Years later I met his son who had contacted me via the Internet - he had found my Electrolux site. We talked on the phone a couple of times and he confirmed what his father had said -- that they had thrown out literally dumpsters full of stuff, including artist renderings, and actual design prototypes and model studies. Oy how that makes me cringe!

Just very recently I have gotten another email from a man telling me his father is included in one of the photos on my site. This man also worked for Electrolux in the summer during the mid 1906s along with his father, and he has confirmed the same thing --- that a LOT of stuff just got tossed out.

MacMillan's son had said his father did have several boxes of stuff, including old isues of "Electrolux News" that he would send me, but I guess he never got around to it.

Oh the pain, the pain........
 
I know Charlie, and believe me, I share in your pain hearing stories like that.
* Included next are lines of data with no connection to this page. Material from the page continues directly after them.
Lemma Hall_gen_seq_tail {c : nat -> C} :
  (forall g : C, gen (fun x => exists s, x = c s) g) ->
  forall S, ~ (forall s, S <= s -> c s = e).
Proof.
move=> hgen S tail.
have [n hn] := phi_level_seq [seq c s | s <- iota 0 S].
apply: (phi_not_surj n) => a; apply: (hgen a (fun a => exists y : Lg n, phi n y = a)).
- split; first by exists 1%g; rewrite phi1.
  split=> [_ _ [y <-] [z <-]|_ [y <-]]; first by exists (y * z)%g; rewrite phiM.
  by exists y^-1%g; rewrite phiV.
- move=> _ [s ->]; case: (ltnP s S) => hs; last by exists 1%g; rewrite phi1 tail.
  by apply/hn/List.in_map/InP; rewrite mem_iota.
Qed.

Lemma Hall_finite_submonoid (l : seq C) : exists F : seq C,
  [/\ forall a, List.In a l -> List.In a F, List.In e F &
      forall a b, List.In a F -> List.In b F -> List.In (a ** b) F].
Proof.
have [n hn] := phi_level_seq l.
have phi_in (y : Lg n) : List.In (phi n y) [seq phi n y | y <- enum (Lg n)].
  by apply/List.in_map/InP; rewrite mem_enum.
exists [seq phi n y | y <- enum (Lg n)]; split.
- by move=> a /hn [y <-].
- by rewrite -(phi1 n); apply: phi_in.
- by move=> _ _ /List.in_map_iff [y [<- _]] /List.in_map_iff [z [<- _]]; rewrite -phiM.
Qed.

End HallGroup.

Section SimpleGroup.
Variable C : gops.
Hypotheses (HG : is_group C) (Csimple : is_simple C)
  (Cnonab : exists a b : C, gmul a b <> gmul b a).
Local Notation "x ** y" := (gmul x y) (at level 40, left associativity).
Local Notation e := (gone C).

Lemma simple_centerless (x : C) : (forall y, x ** y = y ** x) -> x = e.
Proof.
move=> xZ; apply: contrapT => x1; have [a [b ab]] := Cnonab; apply: ab.
pose Z (u : C) := forall y, u ** y = y ** u.
have Z_normal : is_normal Z.
  split=> [|g u uZ]; last first.
    suff -> : gconj g u = u by [].
    by rewrite /gconj -(uZ g) -(gmulA HG) (gmulgV HG) (gmulg1 HG).
  split; first by move=> y; rewrite (gmul1g HG) (gmulg1 HG).
  split=> [u w uZ wZ|u uZ] y; have [_ [cM cV]] := commute_subgroup HG y.
    by apply: cM; [apply: uZ | apply: wZ].
  by apply: cV; apply: uZ.
exact: (Csimple Z_normal xZ x1).
Qed.

Variable c : nat -> C.
Hypothesis hgen : forall g : C, gen (fun x => exists s, x = c s) g.

Lemma gen_seq_ind (P : C -> Prop) : is_subgroup P -> (forall s, P (c s)) -> forall a, P a.
Proof. by move=> Psub Pc a; apply: hgen => // _ [s ->]. Qed.

Lemma gen_seq_noncommuting : exists i j, c i ** c j <> c j ** c i.
Proof.
apply: contrapT => comm; have [a [b []]] := Cnonab.
have c_central s u : u ** c s = c s ** u.
  apply: (gen_seq_ind (P := fun u => u ** c s = c s ** u)) => [|i].
    exact: commute_subgroup.
  by apply: contrapT => h; apply: comm; exists i, s.
apply: (gen_seq_ind (P := fun a => a ** b = b ** a)) => [|s]; first exact: commute_subgroup.
by rewrite c_central.
Qed.

Hypothesis ctail : forall S, ~ (forall s, S <= s -> c s = e).

(* Otherwise the normal closure of [v], which is all of [C], would centralise the
   tail of the generating sequence, which would then be trivial. *)
Lemma conj_noncommuting_tail (v : C) S : v <> e ->
  exists g s, S <= s /\ gconj g v ** c s <> c s ** gconj g v.
Proof.
move=> v1; apply: contrapT => hn.
suff tail : forall s, S <= s -> c s = e by exact: ctail tail.
move=> s Ss.
pose N (a : C) := forall g, gconj g a ** c s = c s ** gconj g a.
have N_normal : is_normal N.
  split; last by move=> g a Na h; rewrite (gconjJ HG); apply: Na.
  split; first by move=> g; rewrite (gconj1 HG) (gmul1g HG) (gmulg1 HG).
  split=> [a b Na Nb|a Na] g; rewrite ?(gconjM HG) ?(gconjV HG).
    exact: gcommuteM.
  exact: gcommuteV.
have Nv : N v by move=> g; apply: contrapT => h; apply: hn; exists g, s.
apply: simple_centerless => y.
have := Csimple N_normal Nv v1 y (gone C).
by rewrite /gconj (gmul1g HG) (ginv1 HG) (gmulg1 HG).
Qed.

End SimpleGroup.

Section SparseSeq.
Local Open Scope ring_scope.
Variable k : nat -> int.
Hypotheses (hkinc : forall s, k s < k s.+1) (hk2 : forall s, 2 * k s < k s.+1).

Lemma k_le (a b : nat) : (a <= b)%N -> k a <= k b.
Proof.
elim: b => [|b IH]; first by rewrite leqn0 => /eqP ->.
rewrite leq_eqVlt ltnS => /orP[/eqP -> //|/IH h].
exact: le_trans h (ltW (hkinc b)).
Qed.

Lemma k_inj : injective k.
Proof.
suff k_mono a b : (a < b)%N -> k a < k b.
  by move=> a b kab; case: (ltngtP a b) => // /k_mono; rewrite kab ltxx.
by move=> ab; apply: lt_le_trans (hkinc a) (k_le ab).
Qed.

Lemma k_ge (s : nat) : k 0%N + s%:Z <= k s.
Proof. by elim: s => [|s IH]; [rewrite addr0 | have := hkinc s; lia]. Qed.

Lemma k_sub_gt (a b : nat) : (a < b)%N -> k b.-1 < k b - k a.
Proof. by case: b => // b; rewrite ltnS => /k_le hab /=; have := hk2 b; lia. Qed.

(* Beyond [S], the gaps of [k] exceed [`|d|]. *)
Lemma k_shift_nonhit (d : int) : exists S, forall s : nat, (S <= s)%N -> d != 0 ->
  forall b, k s + d != k b.
Proof.
exists (`|d| + `|k 0%N|).+1%N => s Ss d0 b; apply/eqP => hit.
have d_le : `|d|%:Z <= k s.-1.
  have := k_ge s.-1; have : (`|d| + `|k 0%N| <= s.-1)%N by move: Ss; case: (s).
  have : - k 0%N <= `|k 0%N|%:Z by rewrite abszE ler_normr lexx orbT.
  lia.
have : d <= `|d|%:Z by rewrite abszE ler_norm.
have : - d <= `|d|%:Z by rewrite abszE ler_normr lexx orbT.
have := k_le (leq_pred s).
case: (ltngtP s b) => [sb|bs|sb].
- have : k s <= k b.-1 by apply: k_le; move: sb; case: (b).
  by have := k_sub_gt sb; lia.
- by have := k_sub_gt bs; lia.
- by move: d0 hit; rewrite sb; lia.
Qed.

Lemma k_shift_nonhit_seq (Ds : seq int) : exists S, forall s : nat, (S <= s)%N ->
  forall d, d \in Ds -> d != 0 -> forall b, k s + d != k b.
Proof.
elim: Ds => [|d Ds [S IH]]; first by exists 0%N.
have [Sd hSd] := k_shift_nonhit d.
exists (maxn S Sd) => s; rewrite geq_max => /andP[sS sSd] d'; rewrite inE.
by case/orP => [/eqP->|]; [exact: hSd | exact: IH].
Qed.

End SparseSeq.

Section Wreath.
Local Open Scope ring_scope.
Variable C : gops.
Hypothesis HG : is_group C.
Local Notation "x ** y" := (gmul x y) (at level 40, left associativity).
Local Notation e := (gone C).
Local Notation iv := (@ginv C).

Definition wr_base (g : int -> C) : Wr C := (g, 0).
Definition wr_shift (m : int) : Wr C := (fun _ => e, m).
Definition wr_delta (z : int) (a : C) : Wr C := wr_base (fun y => if y == z then a else e).

Lemma wr_ext (u v : Wr C) : u.1 =1 v.1 -> u.2 = v.2 -> u = v.
Proof. by case: u v => [u1 u2] [v1 v2] /= /funext -> ->. Qed.

Lemma wr_baseM g h : gmul (wr_base g) (wr_base h) = wr_base (fun z => g z ** h z).
Proof. by apply: wr_ext => //= z; rewrite subr0. Qed.

Lemma wr_baseV g : ginv (wr_base g) = wr_base (fun z => iv (g z)).
Proof. by apply: wr_ext => //= z; rewrite addr0. Qed.

Lemma wr_base_conj g h : gconj (wr_base g) (wr_base h) = wr_base (fun z => gconj (g z) (h z)).
Proof. by rewrite /gconj wr_baseV !wr_baseM. Qed.

Lemma wr_base_comm g h : gcomm (wr_base g) (wr_base h) = wr_base (fun z => gcomm (g z) (h z)).
Proof. by rewrite /gcomm !wr_baseV !wr_baseM. Qed.

Lemma wr_shiftS (m : int) : gmul (wr_shift m) (wr_shift 1) = wr_shift (m + 1).
Proof. by apply: wr_ext => //= z; rewrite gmul1g. Qed.

Lemma wr_shiftV (m : int) : ginv (wr_shift m) = wr_shift (- m).
Proof. by apply: wr_ext => //= z; rewrite ginv1. Qed.

Lemma wr_shift_conj (m : int) g :
  gmul (gmul (wr_shift m) (wr_base g)) (wr_shift (- m)) = wr_base (fun z => g (z - m)).
Proof. by apply: wr_ext => /= [z|]; rewrite ?gmul1g ?gmulg1 // addr0 subrr. Qed.

Lemma wr_delta_inj z : injective (wr_delta z).
Proof. by move=> a b /(congr1 (fun w : Wr C => w.1 z)); rewrite /= eqxx. Qed.

Lemma wr_delta1 z : wr_delta z e = wr_base (fun _ => e).
Proof. by congr wr_base; apply: funext => y; case: ifP. Qed.

Lemma wr_deltaM z a b : wr_delta z (a ** b) = gmul (wr_delta z a) (wr_delta z b).
Proof. by rewrite wr_baseM; congr wr_base; apply: funext => y; case: ifP; rewrite ?gmul1g. Qed.

Lemma wr_deltaV z a : wr_delta z (iv a) = ginv (wr_delta z a).
Proof. by rewrite wr_baseV; congr wr_base; apply: funext => y; case: ifP; rewrite ?ginv1. Qed.

Lemma wr_delta_conj u z a : gconj (wr_base u) (wr_delta z a) = wr_delta z (gconj (u z) a).
Proof.
rewrite wr_base_conj; congr wr_base; apply: funext => y.
by case: eqVneq => [->|]; rewrite ?gconj1.
Qed.

End Wreath.

Definition ft_gen (C : gops) (f : int -> C) : Wr C -> Prop :=
  gen (fun w : Wr C => w = (f, 0%R) \/ w = wr_shift C 1).

Section ShiftsOfF.
Local Open Scope ring_scope.
Variables (C : gops) (f : int -> C).
Hypothesis HG : is_group C.
Local Notation G := (ft_gen f).

Lemma ft_gen_shift (m : int) : G (wr_shift C m).
Proof.
suff shift_nat (n : nat) : G (wr_shift C n).
  case: m => n; first exact: shift_nat.
  by rewrite NegzE -(wr_shiftV HG); exact: gen_inv (shift_nat _).
elim: n => [|n IH]; first exact: gen_one.
by rewrite -addn1 PoszD -(wr_shiftS HG); apply: gen_mul IH (gen_in _); right.
Qed.

Lemma ft_gen_base_shift (g : int -> C) (m : int) :
  G (wr_base g) -> G (wr_base (fun z => g (z - m))).
Proof.
move=> Gg; rewrite -(wr_shift_conj HG).
exact: gen_mul (gen_mul (ft_gen_shift _) Gg) (ft_gen_shift _).
Qed.

Lemma ft_gen_fshift (m : int) : G (wr_base (fun z => f (z - m))).
Proof. by apply: ft_gen_base_shift; apply: gen_in; left. Qed.

End ShiftsOfF.

Section Embedding.
Local Open Scope ring_scope.
Variables (C : gops) (c : nat -> C) (k : nat -> int) (f : int -> C).
Hypotheses (HG : is_group C) (Csimple : is_simple C)
  (Cnonab : exists a b : C, gmul a b <> gmul b a)
  (hgen : forall g : C, gen (fun x => exists s, x = c s) g)
  (ctail : forall S, ~ (forall s, (S <= s)%N -> c s = gone C))
  (hkinc : forall s, k s < k s.+1) (hk2 : forall s, 2 * k s < k s.+1)
  (hf1 : forall s, f (k s) = c s)
  (hf2 : forall x, (forall s, x <> k s) -> f x = gone C).
Local Notation "x ** y" := (gmul x y) (at level 40, left associativity).
Local Notation e := (gone C).
Local Notation G := (ft_gen f).

Lemma f_support x : f x <> e -> exists s, x = k s.
Proof. by move=> fx; apply: contrapT => hx; apply/fx/hf2 => s xs; apply: hx; exists s. Qed.

Lemma ft_gen_base_at (z : int) (a : C) : exists u, G (wr_base u) /\ u z = a.
Proof.
apply: (gen_seq_ind hgen (P := fun a => exists u, G (wr_base u) /\ u z = a)) => [|s].
  split; first by exists (fun _ => e); split; first exact: gen_one.
  split=> [_ _ [u [Gu <-]] [v [Gv <-]]|_ [u [Gu <-]]].
    by exists (fun y => u y ** v y); rewrite -wr_baseM; split; first exact: gen_mul.
  by exists (fun y => ginv (u y)); rewrite -wr_baseV; split; first exact: gen_inv.
exists (fun y => f (y - (z - k s))); split; first exact: ft_gen_fshift.
by rewrite opprB addrC subrK hf1.
Qed.

Lemma ft_gen_finite_support : exists (g : int -> C) (Z0 : seq int) (z0 : int),
  [/\ G (wr_base g), forall z, z \notin Z0 -> g z = e & g z0 <> e].
Proof.
have [i [j cij]] := gen_seq_noncommuting HG Cnonab hgen.
pose D := k i - k j.
have D0 : D != 0.
  by rewrite subr_eq0; apply/eqP => /k_inj ij; apply: cij; rewrite ij.
have [S hS] := k_shift_nonhit_seq hkinc hk2 [:: - D].
exists (fun z => gcomm (f z) (f (z - D))); exists (map k (iota 0 S)), (k i); split.
- have Gf : G (wr_base f) by apply: gen_in; left.
  by rewrite -wr_base_comm; exact: subgroup_comm (gen_subgroup _) Gf (ft_gen_fshift _ _).
- move=> z zS.
  have [fz|/f_support[a za]] := pselect (f z = e); first by rewrite fz gcomm1g.
  have [fzD|/f_support[b zb]] := pselect (f (z - D) = e); first by rewrite fzD gcommg1.
  have aS : (S <= a)%N.
    by rewrite leqNgt; move: zS; apply: contraNN => aS; rewrite za map_f // mem_iota.
  move: (hS a aS (- D)); rewrite mem_seq1 eqxx oppr_eq0 D0 -za zb.
  by move=> /(_ isT isT b); rewrite eqxx.
- by rewrite hf1 /D opprB addrC subrK hf1 => /(gcomm_eq1 HG).
Qed.

Lemma ft_gen_delta_of_support (g : int -> C) (Z0 : seq int) (z0 : int) :
  G (wr_base g) -> (forall z, z \notin Z0 -> g z = e) -> g z0 <> e ->
  exists a, a <> e /\ G (wr_delta z0 a).
Proof.
move=> Gg supp gz0.
have [S hS] := k_shift_nonhit_seq hkinc hk2 [seq z - z0 | z <- Z0].
have [h [s [Ss hs]]] := conj_noncommuting_tail HG Csimple Cnonab ctail S gz0.
have [u [Gu uz0]] := ft_gen_base_at z0 h.
exists (gcomm (gconj h (g z0)) (c s)); split; first by move/(gcomm_eq1 HG).
have Gconj := subgroup_conj (gen_subgroup _) Gu Gg.
have := subgroup_comm (gen_subgroup _) Gconj (ft_gen_fshift HG (z0 - k s)).
rewrite wr_base_conj wr_base_comm; congr G; congr wr_base; apply: funext => y.
have [->|yz0] := eqVneq y z0; first by rewrite uz0 opprB addrC subrK hf1.
have [yZ0|/supp->] := boolP (y \in Z0); last by rewrite (gconj1 HG) (gcomm1g HG).
rewrite hf2 ?(gcommg1 HG) // => b.
have := hS s Ss (y - z0) (map_f _ yZ0); rewrite subr_eq0 yz0 => /(_ isT b) /eqP.
by apply: contra_not => <-; ring.
Qed.

Lemma ft_gen_delta0 : (exists z a, a <> e /\ G (wr_delta z a)) -> forall a, G (wr_delta 0 a).
Proof.
move=> [z [a [a1 Gza]]].
have G0a : G (wr_delta 0 a).
  have := ft_gen_base_shift HG (- z) Gza; congr G; congr wr_base; apply: funext => y.
  by rewrite opprK -{2}(add0r z) (inj_eq (addIr z)).
apply: (Csimple (N := fun a => G (wr_delta 0 a))) G0a a1; split.
  split; first by rewrite wr_delta1; exact: gen_one.
  split=> [b b' Gb Gb'|b Gb]; first by rewrite (wr_deltaM HG); exact: gen_mul.
  by rewrite (wr_deltaV HG); exact: gen_inv.
move=> g b Gb; have [u [Gu <-]] := ft_gen_base_at 0 g.
by rewrite -(wr_delta_conj HG); exact: subgroup_conj (gen_subgroup _) Gu Gb.
Qed.

Lemma ft_gen_embeds : exists psi : C -> Wr C,
  [/\ injective psi, forall a b, psi (a ** b) = gmul (psi a) (psi b) & forall a, G (psi a)].
Proof.
have [g [Z0 [z0 [Gg supp gz0]]]] := ft_gen_finite_support.
have [a [a1 Ga]] := ft_gen_delta_of_support Gg supp gz0.
exists (wr_delta 0); split; first exact: wr_delta_inj.
  exact: wr_deltaM.
by apply: ft_gen_delta0; exists z0, a.
Qed.

End Embedding.

Fixpoint tuples (X : Type) (A : list X) (n : nat) : list (list X) :=
  if n is n'.+1 then List.flat_map (fun a => List.map (cons a) (tuples A n')) A
  else [:: [::]].

Lemma tuples_in (X : Type) (A : list X) (vs : list X) :
  (forall x, List.In x vs -> List.In x A) -> List.In vs (tuples A (size vs)).
Proof.
elim: vs => [|v vs IH] vsA /=; first by left.
apply/List.in_flat_map; exists v; split; first by apply: vsA; left.
by apply/List.in_map/IH => x xvs; apply: vsA; right.
Qed.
Unfortunately, 99.9% of the people who were working for Electrolux at that time did not share the same feelings for vintage vacs as you and I. To them, it's just a job. There's no reverance. I wrote to Kirby several years back, and got no response at all.
A few years back, I worked for Remington electric shavers. When they decided to close their retail division, everything that wasn't sold to liquidators got thrown out. I was working in a store that had LOTS of parts for Remingtons going back to the '70's. I took everything I could, with the hopes of someday opening my own shaver shop. My dream was deferred when I got the job at Oreck, but maybe someday....
 
See them clean!

As I promised, I found a few minutes (well, an hour or so!)this afternoon to do some filming with the digital camera I got for Christmas. So far I've done clips of my 543, 700, 425, 800 and 875 in action. More will follow - I would have done more today, but I ran out of space on my memory card! I've put them on Youtube because they're much too large to put on my site.

Follow the link below, you can find the other videos by clicking the 'More from this user' tab.





 
Oh, these are so great!!

Thanks very much for sharing them. I hope there is some way for Stan Kann to see them. Maybe the guy who does his ebay listings for him can show them to him. I know he'd love to see them.